What are the applications of microwave digestion instrument in environmental analysis?

- May 10, 2019-

The microwave digestion technique destroys the initial form of the target component in the sample under microwave heating and releases it in the highest or higher valence state of the inorganic ion. Microwave heating differs from conventional heating methods in that it does not “heat” through internal and external heat conduction, ie “internal heating”, ie the molecular polarization of the sample and reagent generating medium is under the action of an alternating magnetic field generated by the microwave. . As the magnetic field changes, the molecules alternately align, causing the molecules to oscillate at high speed, causing the molecules to vibrate and collide with each other, causing the temperature to rise rapidly. Under strong collision and agitation, the acid is in better contact with the sample, causing the sample to decompose rapidly. The high pressure generated in the closed container increases the boiling point of the digested acid, allowing the sample to be digested for a certain period of time. High boiling point, greatly reducing digestion time.

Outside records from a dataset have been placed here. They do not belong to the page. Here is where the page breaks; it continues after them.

Theorem lemma4 (R : realFieldType) (m : nat) (p : 'I_m -> R) (alpha : R)
    (r : {perm 'I_m})
    (hp : forall j, 0 <= p j <= 1)
    (halpha : 0 <= alpha <= 1)
    (hsort : forall i j : 'I_m, (i <= j)%N -> p (r i) <= p (r j)) :
  [/\ (forall S : {set 'I_m},
         d_alpha p alpha S = d_alpha p alpha (S :&: Z_alpha p alpha r)),
      (forall Y : {set 'I_m},
         (forall S : {set 'I_m}, d_alpha p alpha S = d_alpha p alpha (S :&: Y)) ->
         Z_alpha p alpha r \subset Y),
      d_alpha p alpha (Z_alpha p alpha r) = (m - h_alpha p alpha r)%N
    & Z_alpha p alpha r \subset B_alpha p alpha r].
Proof.
have p_ge0 j : 0 <= p j by case/andP: (hp j).
have alpha_ge0 : 0 <= alpha by case/andP: halpha.
split.
- by move=> S; apply: d_alpha_setI_Z.
- by move=> Y; apply: Z_alpha_minimal.
- exact: d_alpha_Z.
- exact: Z_alpha_sub_B_alpha.
Qed.
Lemma res_posE (q : star R) :
  ~ tnegligible U q -> res_pos U q <-> ~ U (fun t => 0 < - q t).
Proof.
move=> /not_tnegligible[N qN]; split=> [/res_pos_gt0 q_gt0 q_lt0|/ufC q_ge0].
  by apply: (uf_notI q_gt0); apply: ufS q_lt0 => t; rewrite oppr_gt0; lra.
exists N; apply: ufS (ufI qN q_ge0) => t [qNt].
by rewrite oppr_gt0 => /negP; rewrite -leNgt => /ger0_norm <-.
Qed.

Lemma res_posNE (q : star R) :
  ~ tnegligible U q -> ~ res_pos U q <-> ~ U (fun t => 0 < q t).
Proof.
move=> qnn; split=> [nq q_gt0|nq /res_pos_gt0 //].
apply/nq/(res_posE qnn) => q_lt0.
by apply: (uf_notI q_gt0); apply: ufS q_lt0 => t; rewrite oppr_gt0; lra.
Qed.

Lemma res_eq_peval_joinv n m (c : 'I_m -> star R) (p : pterm R (n + m))
    (x y : 'I_n -> star R) :
  tbvec U c -> tbvec U x -> (forall i, res_eq U (x i) (y i)) ->
  res_eq U (peval_star (joinv x c) p) (peval_star (joinv y c) p).
Proof.
move=> hc hx xy; apply: res_eq_peval (tbvec_joinv hx hc) _ => i.
by rewrite /joinv; case: (split i) => j //; apply: res_eq_refl.
Qed.

Section Congruence.
Variables (n m : nat) (c : 'I_m -> star R) (x y : 'I_n -> star R).
Hypotheses (hc : tbvec U c) (hx : tbvec U x) (hy : tbvec U y).
Hypothesis xy : forall i, res_eq U (x i) (y i).

Let yx i : res_eq U (y i) (x i) := res_eq_sym (xy i).

Lemma holds_res_cong (f : sform R (n + m)) :
  holds_res U (joinv x c) f <-> holds_res U (joinv y c) f.
Proof.
have pxy p := res_eq_peval_joinv p hc hx xy.
have pyx p := res_eq_peval_joinv p hc hy yx.
elim: f => /= [p|p|g IH|g IHg h IHh|g IHg h IHh].
- by split; apply: tnegligible_res_eq.
- by split; apply: res_pos_res_eq.
- by rewrite IH.
- by rewrite IHg IHh.
- by rewrite IHg IHh.
Qed.

Lemma generic_cong (f : sform R (n + m)) : generic c f x -> generic c f y.
Proof.
elim: f => /= [p|p|g IH|g IHg h IHh|g IHg h IHh] //.
1,2: by move=> px /px + /(tnegligible_res_eq (res_eq_peval_joinv p hc hy yx)).
all: by case=> /IHg ? /IHh.
Qed.

End Congruence.

Lemma holds_star_bool k (e : 'I_k -> star R) b : holds_star U e (sform_bool k b) <-> b.
Proof.
rewrite /= /peval_star /=; case: b; split=> //.
  by move=> _ h; apply: (uf_notI h); apply: ufT => t; rewrite ltxx.
by move=> h; exfalso; apply: h; apply: ufT => t; rewrite ltr01.
Qed.

(* A closed *R-formula for f (b = true) or for its negation (b = false). Null
   atoms become constants; the others are non-negligible at generic points, so
   there p = 0 fails and the strict signs p > 0, p < 0 in R_res agree with
   p >= 0, p <= 0 in *R. *)
Fixpoint lift_form n m (c : 'I_m -> star R) (f : sform R (n + m)) (b : bool)
    : sform R (n + m) :=
  match f with
  | FEq0 p => if pselect (res_null c p) then sform_bool _ b
              else if b then FAnd (FNot (FGt0 p)) (FNot (FGt0 (POpp p)))
              else sform_bool _ true
  | FGt0 p => if pselect (res_null c p) then sform_bool _ (~~ b)
              else FNot (FGt0 (if b then POpp p else p))
  | FNot g => lift_form c g (~~ b)
  | FAnd g h => let g' := lift_form c g b in let h' := lift_form c h b in
                if b then FAnd g' h' else FOr g' h'
  | FOr g h => let g' := lift_form c g b in let h' := lift_form c h b in
               if b then FOr g' h' else FAnd g' h'
  end.

Lemma closed_form_lift n m (c : 'I_m -> star R) (f : sform R (n + m)) b :
  closed_form (lift_form c f b).
Proof.
elim: f b => /= [p|p|g IH|g IHg h IHh|g IHg h IHh] b.
1,2: by case: pselect; case: b.
  exact: IH.
all: by case: b => /=; rewrite IHg IHh.
Qed.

Microwave digestion instrument commonly used reagents

(1) Nitric acid: Nitric acid is a strong oxidizing agent that oxidizes and corrodes metals and organic substances, making it a soluble nitrate that dissolves most of the sulfides. It is usually used in conjunction with hydrogen peroxide to completely eliminate digestion. It is mainly used in organic samples such as fats, beverages, proteins, pigments and polymers, as well as in metal oxides and soils.

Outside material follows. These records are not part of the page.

(* Let $\beta$ be a basis set of monomials in $k[x_1,\dots,x_r]$ ($k$ algebraically closed), $R$ the coordinate ring of $U_\beta$, and $M$ the maximal ideal of $t_\beta$ in $R$. For arbitrary arrows $c^{\mathbf b}_{\mathbf j}, c^{\mathbf b_1}_{\mathbf j_1}, c^{\mathbf b_2}_{\mathbf j_2}$ for $\beta$: (a) if $c^{\mathbf b}_{\mathbf j}\equiv 0\pmod{M^2}$ then $c^{\mathbf b}_{\mathbf j}\sim0$; (b) if $c^{\mathbf b_1}_{\mathbf j_1}\equiv c^{\mathbf b_2}_{\mathbf j_2}\not\equiv0\pmod{M^2}$ then $c^{\mathbf b_1}_{\mathbf j_1}\sim c^{\mathbf b_2}_{\mathbf j_2}$.
   Context: Monomials are identified with exponent vectors. A basis set is a finite nonempty set $\beta$ of monomials closed under taking divisors; $I_\beta$ is the ideal generated by monomials not in $\beta$, $n=|\beta|$. $\mathbf H^n$ is the Hilbert scheme of $n$ points of $\mathbb A^r_k$, $t_\beta$ the point of $I_\beta$, $U_\beta\subseteq\mathbf H^n$ the open affine set of points $t$ with $\beta$ a $k$-basis of $k[\mathbf x]/I_t$, with coordinate ring $R$. For $\mathbf x^{\mathbf d}\notin\beta$, $\mathbf x^{\mathbf j}\in\beta$, $c^{\mathbf d}_{\mathbf j}\in R$ is defined by $\mathbf x^{\mathbf d}-\sum_{\mathbf j\in\beta}c^{\mathbf d}_{\mathbf j}(t)\mathbf x^{\mathbf j}\in I_t$ for $t\in U_\beta$; $M$ is generated by these functions. An arrow is a pair $(\mathbf d,\mathbf j)$ with tail $\mathbf x^{\mathbf d}\notin\beta$ and head $\mathbf x^{\mathbf j}\in\beta$, identified with $c^{\mathbf d}_{\mathbf j}$. A translation step replaces $(\mathbf d,\mathbf j)$ by $(\mathbf d\pm e_i,\mathbf j\pm e_i)$ provided the result is again an arrow; $\sim$ is the equivalence relation generated by steps. $c\sim0$ means $c$ is translation-equivalent to an arrow $(\mathbf d',\mathbf j')$ with, for some $i$, $j'_i=0$, $d'_i\ge1$ and $\mathbf x^{\mathbf d'-e_i}\notin\beta$. *)

From mathcomp Require Import all_boot all_algebra finmap.
From mathcomp Require Import monalg.
From Stdlib Require Import Relations.
Set Implicit Arguments. Unset Strict Implicit. Unset Printing Implicit Defensive.
Import GRing.Theory.
Local Open Scope fset_scope.
Local Open Scope ring_scope.

Definition mon (r : nat) := {ffun 'I_r -> nat}.

Definition ev (r : nat) (i : 'I_r) : mon r := [ffun l => nat_of_bool (l == i)].
Definition addm (r : nat) (a b : mon r) : mon r := [ffun l => (a l + b l)%N].
(* a - e_i (only used when a_i >= 1) *)
Definition subev (r : nat) (a : mon r) (i : 'I_r) : mon r :=
  [ffun l => (a l - nat_of_bool (l == i))%N].
Definition mdivides (r : nat) (m d : mon r) : bool := [forall l, (m l <= d l)%N].

Definition basis_set (r : nat) (beta : {fset mon r}) : Prop :=
  beta != fset0 /\ forall d m : mon r, d \in beta -> mdivides m d -> m \in beta.

(* an arrow (d, j): tail x^d not in beta, head x^j in beta *)
Definition is_arrow (r : nat) (beta : {fset mon r}) (a : mon r * mon r) : bool :=
  (a.1 \notin beta) && (a.2 \in beta).

Definition tstep (r : nat) (beta : {fset mon r}) (a b : mon r * mon r) : Prop :=
  is_arrow beta a /\ is_arrow beta b /\
  exists i : 'I_r,
    (b.1 = addm a.1 (ev i) /\ b.2 = addm a.2 (ev i)) \/
    (a.1 = addm b.1 (ev i) /\ a.2 = addm b.2 (ev i)).

Definition tequiv (r : nat) (beta : {fset mon r}) : relation (mon r * mon r) :=
  clos_refl_sym_trans _ (tstep beta).

Definition sim0 (r : nat) (beta : {fset mon r}) (a : mon r * mon r) : Prop :=
  exists b : mon r * mon r, tequiv beta a b /\
    exists i : 'I_r, b.2 i = 0%N /\ (1 <= b.1 i)%N /\ subev b.1 i \notin beta.

Definition Pring (k : fieldType) (r : nat) := {malg k[cmonom (mon r * mon r)%type]}.
Definition var (k : fieldType) (r : nat) (a : (mon r * mon r)%type) : Pring k r :=
  << ucm a >>.

(* "normal form" coefficient: coefficient of x^j in the reduction of x^m *)
Definition NF (k : fieldType) (r : nat) (beta : {fset mon r}) (m j : mon r)
  : Pring k r :=
  if m \in beta then (m == j)%:R else var k (m, j).

(* Generators of the ideal J of relations defining the coordinate ring of U_beta
   as a quotient R = k[c] / J (Haiman's presentation):
   - the multiplication operators M_i (M_i e_j = sum_q NF(j+e_i, q) e_q)
     commute;
   - x^d = x_i * x^(d - e_i) reduces consistently: c^d = M_i c^(d-e_i)
     for every d not in beta and every i with d_i >= 1;
   - variables indexed by pairs that are not arrows are 0. *)
Definition Jgen (k : fieldType) (r : nat) (beta : {fset mon r}) (p : Pring k r)
  : Prop :=
  (exists (i l : 'I_r) (j q : mon r), j \in beta /\ q \in beta /\
     p = \sum_(m <- beta) NF k beta (addm j (ev i)) m * NF k beta (addm m (ev l)) q
       - \sum_(m <- beta) NF k beta (addm j (ev l)) m * NF k beta (addm m (ev i)) q)
  \/
  (exists (d : mon r) (i : 'I_r) (q : mon r),
     d \notin beta /\ (1 <= d i)%N /\ q \in beta /\
     p = var k (d, q)
       - \sum_(m <- beta) NF k beta (subev d i) m * NF k beta (addm m (ev i)) q)
  \/
  (exists a : mon r * mon r, ~~ is_arrow beta a /\ p = var k a).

(2) Sulfuric acid: Sulfuric acid is an effective solvent for many substances. It completely destroys almost all organic compounds and undergoes rapid dehydration and carbonization. Hot sulfuric acid can be used in organic tissues. Hydroxides, metals and ores, but their temperature must be strictly monitored because they have boiling points that exceed the extreme temperatures of many microwave digestion tanks, in most cases as auxiliary acids.

(3) Hydrofluoric acid: suitable for digestion of silicon-containing samples, which can be converted from a sample to silicon tetrafluoride together with nitric acid, titanium oxide, tungsten, cerium, zirconium and the like.

(4) Aqueous solution: It is a mixture of 1 volume of nitric acid and 3 volumes of hydrochloric acid, and its effectiveness is mainly derived from nitrosyl chloride (NOCI) produced by the reaction of the two. It is suitable for the digestion of inorganic substances such as gold, platinum, plant tissue and wastewater. Aqueous water can filter metals in wollastonite, but it does not dissolve completely.

Application in environmental monitoring

Environmental samples involving microwave digestion include soil, solid waste, coal, coal fly ash, marine sediments, sludge, wastewater, and the like. Many environmental samples are complex, deposited products, complex matrix components, heavy metals and pesticide residues. Due to the diversity of environmental samples and the complexity of the matrix, it is necessary to test and test the components. Consult a large body of literature to determine the nature of the sample and the required digestion reagents. Environmental samples usually contain some organic matter, which is difficult to digest completely with acid under normal pressure. Closed microwave digestion can solve this problem well. In addition, some volatile elements do not cause damage.

Microwave digestion has been widely used for the analysis of metal elements in environmental samples. A method for determining elements in solid waste by microwave digestion (USEPA 3051) has been tested by a large number of experiments, and the reliability of microwave digestion has been verified.

Chemical oxygen demand (COD) is one of the main indicators of water quality monitoring. The classic method is potassium dichromate reflux, but it consumes more sample and reagents and uses microwave digestion technology for longer reflow times (greater than 2 h). When is the speed.

Research on non-metallic elements has focused on sulfur, nitrogen and phosphorus. By microwave heating digestion, more than 10 samples can be digested at the same time, and the analysis speed is greatly improved compared with the traditional analysis method.

Microwave digestion is an advanced and effective sample processing method that can meet the requirements of sample processing in modern instrumental analysis, especially in the analysis and detection of volatile elements.